Euro stablecoins under MiCA with liquidity disparities across exchanges

Europe’s crypto markets are booming with EUR-backed stablecoins, but traders may not notice tighter spreads if their orders hit the wrong exchange.

DECTA’s 2025 report shows the euro stablecoin market cap grew 102% post-MiCA, reversing a 48% pre-MiCA decline. Aggregated monthly EUR-backed transaction volume surged from $383 million to $3.832 billion in 12 months after the regulation took effect.

Kaiko’s October 2024 data reveals MiCA-compliant EURC/EURCV stablecoins captured 67% market share three months post-MiCA, though weekly trading volumes remained below $100 million.

By November 2024, MiCA-compliant stablecoins (EURC, EURCV, EURI) controlled 91% of the market via regulatory compliance-driven delistings. BTC-EUR trading volume’s global share rose from 3.6% to nearly 10% in 2024, with 85%+ volume concentrated on Bitvavo, Kraken, Coinbase, and Binance.
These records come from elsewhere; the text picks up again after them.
(* Let $d_1,d_2,d_3\in\mathbb{R}^2$ be unit vectors with $d_2=R(-\theta_{12})d_1$, $d_3=R(\theta_{13})d_1$, where $0<\theta_{12},\theta_{13}<\pi$ and $\theta_{12}+\theta_{13}\ge\pi$. Let $s\in\mathbb{C}$ with $\mathrm{Re}(s)>0$. Suppose $X^1,X^2,X^3:[0,\infty)\to\mathbb{C}^2$ are bounded smooth functions satisfying on $(0,\infty)$ $$sX^1\cdot d_1^\perp=X^1_{\sigma\sigma}\cdot d_1^\perp,\quad d_1\cdot X^1_{\sigma\sigma}=0,$$ $$sX^j\cdot d_j^\perp=-X^j_{\sigma\sigma\sigma\sigma}\cdot d_j^\perp,\quad d_j\cdot X^j_{\sigma\sigma}=0\qquad(j=2,3),$$ and the eight scalar conditions at $\sigma=0$: (i) $X^1(0)=X^2(0)=X^3(0)$; (ii) $d_1\cdot X^j_\sigma+d_j\cdot X^1_\sigma-(d_1\cdot d_j)(d_1\cdot X^1_\sigma+d_j\cdot X^j_\sigma)=0$ for $j=2,3$; (iii) $X^2_{\sigma\sigma}\cdot d_2^\perp=-X^3_{\sigma\sigma}\cdot d_3^\perp$; (iv) $X^2_{\sigma\sigma\sigma}\cdot d_2^\perp=X^3_{\sigma\sigma\sigma}\cdot d_3^\perp$. Then $X^1\equiv X^2\equiv X^3\equiv0$.
   Context: $R(\varphi)$ denotes counterclockwise rotation by $\varphi$ and $d^\perp=R(\pi/2)d$; the dot product on $\mathbb{C}^2$ is bilinear. This is the Laplace-transformed (zero initial data) linearization, around straight rays with directions $d_1$ (grain boundary) and $d_2,d_3$ (exterior surface branches) meeting at a triple junction at $\sigma=0$, of the partial differential algebraic system $X^1_t\cdot\vec n-\kappa=0$, $X^j_t\cdot\vec n+\kappa_{ss}=0$ ($j=2,3$), $X^i_\sigma\cdot X^i_{\sigma\sigma}=0$ ($i=1,2,3$), with the linearized common-point, Young angle, curvature-continuity and mass-flux-balance junction conditions (no artificial tangential conditions). *)

From Stdlib Require Import Reals.
From Coquelicot Require Import Coquelicot.
Open Scope R_scope.

(* complex numbers (Coquelicot: Complex.C = R * R, real and imaginary part) *)
Notation CC := Complex.C.

Definition vec2 := (R * R)%type.
Definition C2 := (CC * CC)%type.
Definition C2zero : C2 := (RtoC 0, RtoC 0).

Definition rot (phi : R) (d : vec2) : vec2 :=
  (cos phi * fst d - sin phi * snd d, sin phi * fst d + cos phi * snd d).
Definition perp (d : vec2) : vec2 := rot (PI / 2) d.

Definition rdot (u v : vec2) : R := fst u * fst v + snd u * snd v.

(* bilinear dot product on C^2, specialized to a real second argument
   (real vectors embedded into C^2) *)
Definition cdot (X : C2) (d : vec2) : CC :=
  (fst X * RtoC (fst d) + snd X * RtoC (snd d))%C.

Definition comps (X : R -> C2) : list (R -> R) :=
  (fun t => fst (fst (X t))) :: (fun t => snd (fst (X t))) ::
  (fun t => fst (snd (X t))) :: (fun t => snd (snd (X t))) :: nil.

Definition Dn (n : nat) (X : R -> C2) (t : R) : C2 :=
  ((Derive_n (fun u => fst (fst (X u))) n t, Derive_n (fun u => snd (fst (X u))) n t),
   (Derive_n (fun u => fst (snd (X u))) n t, Derive_n (fun u => snd (snd (X u))) n t)).

Definition smooth (X : R -> C2) : Prop :=
  forall f, List.In f (comps X) -> forall n t, ex_derive_n f n t.

Definition bounded_on_halfline (X : R -> C2) : Prop :=
  exists M : R, forall t, 0 <= t -> Cmod (fst (X t)) <= M /\ Cmod (snd (X t)) <= M.

From Stdlib Require Import Reals Lra Psatz FunctionalExtensionality List.
From Coquelicot Require Import Coquelicot.
Open Scope R_scope.

(** Every component of every branch solves a linear ODE with constant coefficients on the
    half line: the tangential ones [T'' = 0], the normal one of the grain boundary
    [N'' = s N], those of the surface branches [N'''' = - s N].  Writing a solution as a sum
    of exponentials and using boundedness to discard the growing modes gives relations at the
    junction: [T'(0) = 0], [N_1'(0) = - mu N_1(0)] with [mu^2 = s], and
    [N_j'' = (a + b) N_j' - a b N_j], [N_j''' = (a + b) N_j'' - a b N_j'] at [0], where [a], [b]
    are the roots of [z^4 = - s] with negative real part (so [a b = mu]).  Together with the
    junction conditions this is a linear system for [X(0)], [N_1'(0)], [N_2''(0)], [N_2'''(0)]
    whose determinant is [(a + b) (sin th12 + sin th13) + sin (th12 + th13)]; its real part is
    negative since [th12 + th13 >= pi].  Hence all junction data vanish, and a bounded solution
    with vanishing data is zero by uniqueness for the ODEs. *)

Lemma C_eq (x y : C) : Re x = Re y -> Im x = Im y -> x = y.
Proof. destruct x, y; unfold Re, Im; simpl; intros -> ->; reflexivity. Qed.

Lemma Cmult_eq0 (z w : C) : z <> 0%C -> (z * w)%C = 0%C -> w = 0%C.
Proof. intros Hz H. replace w with (/ z * (z * w))%C by (field; auto). rewrite H. ring. Qed.

Lemma Csub0 (x y : C) : (x - y)%C = 0%C -> x = y.
Proof. intro H. replace x with (x - y + y)%C by ring. rewrite H. ring. Qed.

Lemma Re_neq0 (z : C) : Re z <> 0 -> z <> 0%C.
Proof. intros H E. apply H. rewrite E. reflexivity. Qed.

Lemma RtoC_neq0 (x : R) : x <> 0 -> RtoC x <> 0%C.
Proof. intros H E. apply H. injection E; auto. Qed.

(** * Complex-valued functions of a real variable *)

Definition is_cderive (f f' : R -> C) : Prop := forall t,
  is_derive (fun x => Re (f x)) t (Re (f' t)) /\ is_derive (fun x => Im (f x)) t (Im (f' t)).

Lemma is_derive_eq (f : R -> R) (x l l' : R) : is_derive f x l -> l = l' -> is_derive f x l'.
Proof. intros H <-; exact H. Qed.

Lemma is_cderive_ext (f g f' g' : R -> C) : (forall t, f t = g t) -> (forall t, f' t = g' t) ->
  is_cderive f f' -> is_cderive g g'.
Proof.
  intros Hf Hf' H t. destruct (H t) as [H1 H2]. rewrite <- Hf'. split.
  - eapply is_derive_ext; [|exact H1]. intro u; simpl; rewrite Hf; reflexivity.
  - eapply is_derive_ext; [|exact H2]. intro u; simpl; rewrite Hf; reflexivity.
Qed.

Lemma is_cderive_pair (u v u' v' : R -> R) : (forall t, is_derive u t (u' t)) ->
  (forall t, is_derive v t (v' t)) -> is_cderive (fun t => (u t, v t)) (fun t => (u' t, v' t)).
Proof. intros Hu Hv t; split; simpl; auto. Qed.

Lemma is_cderive_plus (f f' g g' : R -> C) : is_cderive f f' -> is_cderive g g' ->
  is_cderive (fun t => f t + g t)%C (fun t => f' t + g' t)%C.
Proof.
  intros Hf Hg t; destruct (Hf t) as [H1 H2]; destruct (Hg t) as [H3 H4]; split.
  - exact (is_derive_plus _ _ _ _ _ H1 H3).
  - exact (is_derive_plus _ _ _ _ _ H2 H4).
Qed.

Lemma is_cderive_minus (f f' g g' : R -> C) : is_cderive f f' -> is_cderive g g' ->
  is_cderive (fun t => f t - g t)%C (fun t => f' t - g' t)%C.
Proof.
  intros Hf Hg t; destruct (Hf t) as [H1 H2]; destruct (Hg t) as [H3 H4]; split.
  - exact (is_derive_minus _ _ _ _ _ H1 H3).
  - exact (is_derive_minus _ _ _ _ _ H2 H4).
Qed.

Lemma is_cderive_mult (f f' g g' : R -> C) : is_cderive f f' -> is_cderive g g' ->
  is_cderive (fun t => f t * g t)%C (fun t => f' t * g t + f t * g' t)%C.
Proof.
  intros Hf Hg t; destruct (Hf t) as [H1 H2]; destruct (Hg t) as [H3 H4]; split.
  - pose proof (is_derive_mult _ _ _ _ _ H1 H3 Rmult_comm) as A.
    pose proof (is_derive_mult _ _ _ _ _ H2 H4 Rmult_comm) as B.
    eapply is_derive_eq; [exact (is_derive_minus _ _ _ _ _ A B)|].
    unfold minus, plus, opp, mult; simpl; unfold Re, Im, Cmult, Cplus; simpl; ring.
  - pose proof (is_derive_mult _ _ _ _ _ H1 H4 Rmult_comm) as A.
    pose proof (is_derive_mult _ _ _ _ _ H2 H3 Rmult_comm) as B.
    eapply is_derive_eq; [exact (is_derive_plus _ _ _ _ _ A B)|].
    unfold plus, mult; simpl; unfold Re, Im, Cmult, Cplus; simpl; ring.
Qed.

Lemma is_cderive_const (c : C) : is_cderive (fun _ => c) (fun _ => 0%C).
Proof. intros t; split; (eapply is_derive_eq; [apply is_derive_const | reflexivity]). Qed.

Lemma is_cderive_scal (c : C) (f f' : R -> C) : is_cderive f f' ->
  is_cderive (fun t => c * f t)%C (fun t => c * f' t)%C.
Proof.
  intros H. eapply is_cderive_ext; [| |exact (is_cderive_mult _ _ _ _ (is_cderive_const c) H)];
  intro t; cbv beta; ring.
Qed.

Lemma is_cderive_id : is_cderive RtoC (fun _ => 1%C).
Proof.
  intros t; split; simpl.
  - apply (is_derive_id (K:=R_AbsRing)).
  - eapply is_derive_eq; [apply is_derive_const | reflexivity].
Qed.

Lemma is_derive_const_on (f f' : R -> R) : (forall t, is_derive f t (f' t)) ->
  (forall t, 0 < t -> f' t = 0) -> forall t, 0 <= t -> f t = f 0.
Proof.
  intros Hd H0 t Ht. destruct (Req_dec t 0) as [->|Hn]; [reflexivity|].
  destruct (MVT_cor2 f f' 0 t) as [c [Hc1 Hc2]]; [lra| |].
  - intros c _. apply is_derive_Reals, Hd.
  - rewrite H0 in Hc1 by lra. lra.
Qed.

Lemma is_cderive_const_on (g g' : R -> C) : is_cderive g g' -> (forall t, 0 < t -> g' t = 0%C) ->
  forall t, 0 <= t -> g t = g 0.
Proof.
  intros Hd H0 t Ht. apply C_eq.
  - apply (is_derive_const_on (fun x => Re (g x)) (fun x => Re (g' x))); auto.
    + intros u; apply Hd.
    + intros u Hu; rewrite H0 by auto; reflexivity.
  - apply (is_derive_const_on (fun x => Im (g x)) (fun x => Im (g' x))); auto.
    + intros u; apply Hd.
    + intros u Hu; rewrite H0 by auto; reflexivity.
Qed.

Definition cexp (k : C) (t : R) : C :=
  (exp (Re k * t) * cos (Im k * t), exp (Re k * t) * sin (Im k * t)).

Lemma cexp_0 (k : C) : cexp k 0 = 1%C.
Proof. unfold cexp. rewrite !Rmult_0_r, exp_0, cos_0, sin_0. apply C_eq; simpl; ring. Qed.

Lemma cexp_plus (k : C) (t h : R) : cexp k (t + h) = (cexp k t * cexp k h)%C.
Proof.
  unfold cexp. rewrite !Rmult_plus_distr_l, exp_plus, cos_plus, sin_plus.
  apply C_eq; simpl; ring.
Qed.

Lemma cexp_opp_mul (k : C) (t : R) : (cexp k t * cexp (- k) t)%C = 1%C.
Proof.
  unfold cexp, Re, Im; simpl.
  replace (- fst k * t) with (- (fst k * t)) by ring.
  replace (- snd k * t) with (- (snd k * t)) by ring.
  rewrite cos_neg, sin_neg.
  assert (Hexp : exp (fst k * t) * exp (- (fst k * t)) = 1)
    by (rewrite <- exp_plus, Rplus_opp_r; apply exp_0).
  pose proof (sin2_cos2 (snd k * t)). unfold Rsqr in *.
  apply C_eq; simpl; nra.
Qed.

Lemma Cmod_cexp (k : C) (t : R) : Cmod (cexp k t) = exp (Re k * t).
Proof.
  unfold Cmod, cexp; simpl.
  pose proof (sin2_cos2 (Im k * t)). unfold Rsqr in *.
  transitivity (sqrt (exp (Re k * t) * exp (Re k * t))).
  - f_equal. nra.
  - apply sqrt_square. left; apply exp_pos.
Qed.

Lemma is_cderive_cexp (k : C) : is_cderive (cexp k) (fun t => k * cexp k t)%C.
Proof.
  intros t; split; unfold cexp; simpl.
  - eapply is_derive_eq. auto_derive; auto. unfold Re, Im; ring.
  - eapply is_derive_eq. auto_derive; auto. unfold Re, Im; ring.
Qed.

Lemma cos_sin_shift_PI (x : R) : cos (x + PI) = cos x -> sin (x + PI) = sin x -> False.
Proof.
  rewrite neg_cos, neg_sin. intros Hc Hs.
  pose proof (sin2_cos2 x). unfold Rsqr in *.
  assert (cos x = 0) by lra. assert (sin x = 0) by lra. nra.
Qed.

Lemma cexp_separate (k3 k4 : C) : k3 <> k4 -> exists h, 0 <= h /\ cexp k3 h <> cexp k4 h.
Proof.
  intros Hne. destruct (Req_dec (Re k3) (Re k4)) as [HRe|HRe].
  - assert (Hd : Im k3 - Im k4 <> 0) by (intro H; apply Hne, C_eq; lra).
    set (h := PI / Rabs (Im k3 - Im k4)).
    assert (Hh : 0 < h).
    { apply Rdiv_lt_0_compat; [apply PI_RGT_0 | apply Rabs_pos_lt; auto]. }
    exists h; split; [lra|]. intro He.
    unfold cexp in He. rewrite HRe in He. injection He as Hc Hs.
    pose proof (exp_pos (Re k4 * h)).
    apply Rmult_eq_reg_l in Hc; [|lra]. apply Rmult_eq_reg_l in Hs; [|lra].
    destruct (Rcase_abs (Im k3 - Im k4)) as [Hneg|Hpos].
    + assert (E : Im k4 * h = Im k3 * h + PI).
      { unfold h. rewrite Rabs_left by lra. field. lra. }
      rewrite E in Hc, Hs. apply (cos_sin_shift_PI (Im k3 * h)); auto.
    + assert (E : Im k3 * h = Im k4 * h + PI).
      { unfold h. rewrite Rabs_right by lra. field. lra. }
      rewrite E in Hc, Hs. apply (cos_sin_shift_PI (Im k4 * h)); auto.
  - exists 1. split; [lra|]. intro He. apply HRe.
    apply (f_equal Cmod) in He. rewrite !Cmod_cexp in He.
    apply exp_inv in He. lra.
Qed.

Lemma first_order_zero (f f' : R -> C) (k : C) : is_cderive f f' ->
  (forall t, 0 < t -> f' t = (k * f t)%C) ->
  f 0 = 0%C -> forall t, 0 <= t -> f t = 0%C.
Proof.
  intros Hd Hk H0 t Ht.
  assert (Hc : (f t * cexp (- k) t)%C = (f 0 * cexp (- k) 0)%C).
  { apply (is_cderive_const_on _ _ (is_cderive_mult _ _ _ _ Hd (is_cderive_cexp (- k)))); auto.
    intros u Hu. rewrite Hk by auto. ring. }
  rewrite H0, Cmult_0_l in Hc.
  replace (f t) with (f t * cexp (- k) t * cexp k t)%C.
  - rewrite Hc. ring.
  - rewrite <- Cmult_assoc, (Cmult_comm (cexp (- k) t)), cexp_opp_mul. ring.
Qed.

(** * Linear equations with constant coefficients *)

Definition chain (V : nat -> R -> C) : Prop := forall j, is_cderive (V j) (V (S j)).

Definition dsub (r : C) (V : nat -> R -> C) : nat -> R -> C :=
  fun j t => (V (S j) t - r * V j t)%C.

(** [dprod [r1; ...; rn] V] is [(D - rn) ... (D - r1) V]. *)
Fixpoint dprod (l : list C) (V : nat -> R -> C) : nat -> R -> C :=
  match l with nil => V | r :: l' => dprod l' (dsub r V) end.

Lemma chain_dsub (r : C) (V : nat -> R -> C) : chain V -> chain (dsub r V).
Proof. intros H j. apply is_cderive_minus; [apply H | apply is_cderive_scal, H]. Qed.

Lemma chain_plus (V W : nat -> R -> C) :
  chain V -> chain W -> chain (fun j t => (V j t + W j t)%C).
Proof. intros HV HW j. apply is_cderive_plus; auto. Qed.

Lemma chain_minus (V W : nat -> R -> C) :
  chain V -> chain W -> chain (fun j t => (V j t - W j t)%C).
Proof. intros HV HW j. apply is_cderive_minus; auto. Qed.
Lemma cyc_adjnE m (x y : nat) : x < y -> y < m ->
  cyc_adjn m x y = (x.+1 == y) || ((x == 0) && (y.+1 == m)).
Proof.
move=> xy ym; rewrite /cyc_adjn (@modn_small x) ?(@modn_small y) ?(@modn_small x.+1); try lia.
case: (ltngtP y.+1 m) => h; [rewrite modn_small // | lia | ].
  by case: (x.+1 == y) => //=; lia.
by rewrite h modnn; case: (x.+1 == y) => //=; lia.
Qed.

Lemma cyc_adjnC m : symmetric (cyc_adjn m).
Proof. by move=> x y; rewrite /cyc_adjn orbC. Qed.

Lemma diag_in_set2 m (x y : 'I_N.+1) : x < y ->
  diag_in m [set x; y] = [&& y < m, x.+1 < y & ~~ ((x == 0 :> nat) && (y.+1 == m))].
Proof.
move=> xy; rewrite /diag_in cards2 ord_ltn_neq //= !forall_in_set2 !eqxx /=.
rewrite (ord_ltn_neq xy) eq_sym (ord_ltn_neq xy) /= (cyc_adjnC m y x) !andbT andbb.
case: (ltnP y m) => ym; last by rewrite !andbF.
rewrite (cyc_adjnE xy ym) (_ : x < m); last by lia.
by rewrite /= !andbT negb_or; congr (_ && _); lia.
Qed.

Lemma diag_in_endpoints m d : diag_in m d ->
  exists x y : 'I_N.+1, [/\ x < y, d = [set x; y], y < m, x.+1 < y &
     ~~ ((x == 0 :> nat) && (y.+1 == m))].
Proof.
move=> dm; case/and3P: (dm) => d2 _ _; have [x [y [xy E]]] := card2_set2_ltn d2.
by move: dm; rewrite E diag_in_set2 // => /and3P[*]; exists x, y; split.
Qed.

Lemma diag_in_ltn m d x : diag_in m d -> x \in d -> x < m.
Proof. by case/and3P => _ _ /forallP/(_ x)/implyP. Qed.

Lemma diag_inS m d : diag_in m d -> diag_in m.+1 d.
Proof.
case/diag_in_endpoints => x [y [xy -> ? ? ?]].
by rewrite diag_in_set2 //; apply/and3P; split; lia.
Qed.

Lemma diag_in_full d : diag_in N.+1 d = is_diag d.
Proof.
rewrite /diag_in /is_diag.
have -> : [forall i in d, i < N.+1] by apply/forallP => i; apply/implyP => _.
by rewrite andbT.
Qed.

Lemma triangulation_in_full T : triangulation_in N.+1 T <-> is_triangulation T.
Proof.
split; case=> [H1 [H2 H3]].
  split; [by move=> d /H1; rewrite diag_in_full | split => // d].
  by rewrite -diag_in_full; apply: H3.
split; [by move=> d /H1; rewrite -diag_in_full | split => // d].
by rewrite diag_in_full; apply: H3.
Qed.

Lemma triangulation_in3 T : triangulation_in 3 T <-> T = set0.
Proof.
have nodiag d : ~~ diag_in 3 d by apply/negP => /diag_in_endpoints[x [y [? ? ? ? ?]]]; lia.
split=> [[H1 _] | ->].
  by apply/setP => d; rewrite inE; apply/negP => /H1; rewrite (negbTE (nodiag d)).
split; [by move=> d; rewrite inE | split; first by move=> d e; rewrite inE].
by move=> d; rewrite (negbTE (nodiag d)).
Qed.

(* The apex of the triangle on the side {0, m-1} is the largest neighbour of 0
   in T, or 1 when no diagonal of T ends at 0. *)
Definition apex T : nat :=
  \max_(x : 'I_N.+1 | (x == 1 :> nat) || ([set ord0; x] \in T)) x.

Lemma leq_apex T (x : 'I_N.+1) : [set ord0; x] \in T -> x <= apex T.
Proof. by move=> h; apply: leq_bigmax_cond; rewrite h orbT. Qed.

Hypothesis N_gt0 : 0 < N.

Lemma apex_gt0 T : 0 < apex T.
Proof. by apply: (@bigmax_sup _ (inord 1)); rewrite inordK //; lia. Qed.

Lemma apex_spec T :
  exists2 x : 'I_N.+1, nat_of_ord x = apex T & (x == 1 :> nat) || ([set ord0; x] \in T).
Proof.
have [|x Px E] := @eq_bigmax_cond _ (fun x : 'I_N.+1 => (x == 1 :> nat) || ([set ord0; x] \in T)) val.
  by apply/card_gt0P; exists (inord 1); rewrite /in_mem /= inordK //; lia.
by exists x; first exact/esym/E.
Qed.

Lemma eq_apex T T' :
  (forall x : 'I_N.+1, ([set ord0; x] \in T) = ([set ord0; x] \in T')) -> apex T = apex T'.
Proof. by move=> H; apply: eq_bigl => x; rewrite H. Qed.

Lemma apex_uncrossed m T (p q : 'I_N.+1) :
  triangulation_in m T -> [set p; q] \in T -> p < q -> ~~ (p < apex T < q).
Proof.
move=> [_ [Hc _]] pqT pq; apply/negP => /andP[l1 l2].
have [x xv /orP[x1|x0T]] := apex_spec T.
  have p0 : p = ord0 by apply: val_inj => /=; lia.
  by move: pqT; rewrite p0 => /leq_apex; lia.
case: (posnP p) => p0.
  have p0' : p = ord0 by apply: val_inj.
  by move: pqT; rewrite p0' => /leq_apex; lia.
have := Hc _ _ x0T pqT; rewrite crossing_set2 /=; [|lia|lia].
by rewrite p0 xv l1 l2.
Qed.

Lemma apex_leq m T : 3 <= m -> triangulation_in m T -> apex T <= m - 2.
Proof.
move=> m3 [Hd _]; have [x xv /orP[x1|x0T]] := apex_spec T; first lia.
have [a [b [ab E ? ? ?]]] := diag_in_endpoints (Hd _ x0T).
have : (ord0 : 'I_N.+1) \in [set a; b] by rewrite -E !inE eqxx.
have : x \in [set a; b] by rewrite -E !inE eqxx orbT.
by rewrite !inE -!val_eqE /=; lia.
Qed.

Lemma apex_diag_mem T (v : 'I_N.+1) :
  nat_of_ord v = apex T -> 2 <= apex T -> [set ord0; v] \in T.
Proof.
move=> vv a2; have [x xv /orP[x1|x0T]] := apex_spec T; first lia.
by have -> : v = x by apply: val_inj => /=; lia.
Qed.

(* {apex, m-1} is an edge of the apex triangle {0, apex, m-1}, and a diagonal
   unless apex = m-2. *)
Lemma apex_last_diag_mem m T (v w : 'I_N.+1) : triangulation_in m T ->
  nat_of_ord v = apex T -> nat_of_ord w = m.-1 -> apex T + 2 < m -> [set v; w] \in T.
Proof.
move=> tT vv ww am; have a1 := apex_gt0 T.
case: (boolP ([set v; w] \in T)) => // nin.
have vw : v < w by lia.
have dvw : diag_in m [set v; w] by rewrite diag_in_set2 //; apply/and3P; split; lia.
have [Hd [_ Hm]] := tT.
have [e eT] := Hm _ dvw nin.
have [p [q [pq E ? ? ?]]] := diag_in_endpoints (Hd _ eT).
have pqT : [set p; q] \in T by rewrite -E.
by rewrite E crossing_set2 //; have := apex_uncrossed tT pqT pq; lia.
Qed.

Lemma apex_shared_diag m T T' : 4 <= m -> m <= N.+1 ->
  triangulation_in m T -> triangulation_in m T' -> apex T = apex T' ->
  ~~ [disjoint T & T'].
Proof.
move=> m4 mN tT tT' eqa; apply/negP => /disjointP disj.
have al := apex_leq (ltnW m4) tT.
case: (leqP 2 (apex T)) => a2.
  pose v : 'I_N.+1 := inord (apex T).
  have vv : nat_of_ord v = apex T by rewrite inordK; lia.
  by apply: (disj [set ord0; v]); apply: apex_diag_mem; lia.
pose v : 'I_N.+1 := inord (apex T); pose w : 'I_N.+1 := inord m.-1.
have vv : nat_of_ord v = apex T by rewrite inordK; lia.
have ww : nat_of_ord w = m.-1 by rewrite inordK; lia.
by apply: (disj [set v; w]); [apply: (apex_last_diag_mem tT) | apply: (apex_last_diag_mem tT')]; lia.
Qed.

Lemma kneser_triang_colorable_apex : 2 <= N -> kneser_triang_colorable N.+1 (N.+1 - 2).
Proof.
move=> N2; exists (fun T => (apex T).-1); split.
  move=> T /triangulation_in_full tT.
  by have := apex_leq (_ : 3 <= N.+1) tT; have := apex_gt0 T; lia.
move=> T T' /triangulation_in_full tT /triangulation_in_full tT' neq disj.
apply/negP => /eqP eqc.
have eqa : apex T = apex T' by have := apex_gt0 T; have := apex_gt0 T'; lia.
case: (ltngtP N 2) => [|N3|N2']; first lia.
  by move: disj; apply/negP; apply: (apex_shared_diag _ _ tT tT').
have n3 : N.+1 = 3 by rewrite N2'.
move: tT tT'; rewrite n3 => /triangulation_in3 T0 /triangulation_in3 T'0.
by move: neq; rewrite T0 T'0 eqxx.
Qed.

Section Extension.

Variable m : nat.
Hypotheses (m_ge3 : 3 <= m) (m_leN : m <= N).

Definition extend_side S := S :|: [set [set ord0; (inord m.-1 : 'I_N.+1)]].

Definition extend_apex S :=
  S :|: [set [set (inord (apex S) : 'I_N.+1); (inord m : 'I_N.+1)]].

Definition fan : {set {set 'I_N.+1}} :=
  [set d | [exists j : 'I_N.+1, [&& 1 <= j, j.+2 <= m & d == [set j; (inord m : 'I_N.+1)]]]].

Lemma triangulation_extend_side S :
  triangulation_in m S -> triangulation_in m.+1 (extend_side S).
Proof.
move=> [Hd [Hc Hm]]; rewrite /extend_side; set o1 : 'I_N.+1 := inord m.-1.
have o1v : nat_of_ord o1 = m.-1 by rewrite inordK; lia.
have o1lt : (ord0 : 'I_N.+1) < o1 by rewrite /= o1v; lia.
split; [|split].
- move=> d; rewrite !inE => /orP[/Hd/diag_inS // | /eqP ->].
  by rewrite diag_in_set2 //=; apply/and3P; split; lia.
- move=> d e; rewrite !inE => /orP[dS|/eqP->] /orP[eS|/eqP->].
  + exact: Hc.
  + have [a [b [ab -> ? ? ?]]] := diag_in_endpoints (Hd _ dS).
    by rewrite crossing_set2 //=; lia.
  + have [a [b [ab -> ? ? ?]]] := diag_in_endpoints (Hd _ eS).
    by rewrite crossing_set2 //=; lia.
  + by rewrite crossing_set2 //=; lia.
- move=> d dd; rewrite inE negb_or => /andP[dS dn].
  have [x [y [xy E ym x1 nn]]] := diag_in_endpoints dd.
  case: (ltngtP y m) => [ylt||yeq]; [|lia|].
  + case: (boolP ((x == 0 :> nat) && (y == m.-1 :> nat))) => h.
      move: dn; rewrite inE E.
      have -> : x = ord0 by apply: val_inj => /=; lia.
      have -> : y = o1 by apply: val_inj => /=; lia.
      by rewrite eqxx.
    have dm : diag_in m d by rewrite E diag_in_set2 //; apply/and3P; split; lia.
    have [e eS cr] := Hm _ dm dS.
    by exists e => //; rewrite inE eS.
  + exists [set ord0; o1]; first by rewrite !inE eqxx orbT.
    by rewrite E crossing_set2 //=; lia.
Qed.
Kaiko’s spread data highlights stark disparities: 30-day average bid-ask spreads range from 2.6 bps (Bitvavo) to over 20 bps (One Trading).

BTC-EUR ranked second-deepest BTC-fiat market in Kaiko’s sample at 758 BTC daily depth, double BTC-GBP’s 350 BTC. Stablecoin-to-euro pairs constitute 50% of euro volume on Kraken, 30% on Coinbase, but only 4% on Binance and 2% on Bitvavo.

⚠️ LEGAL DISCLAIMER: This article is for informational purposes only and does not constitute financial or investment advice.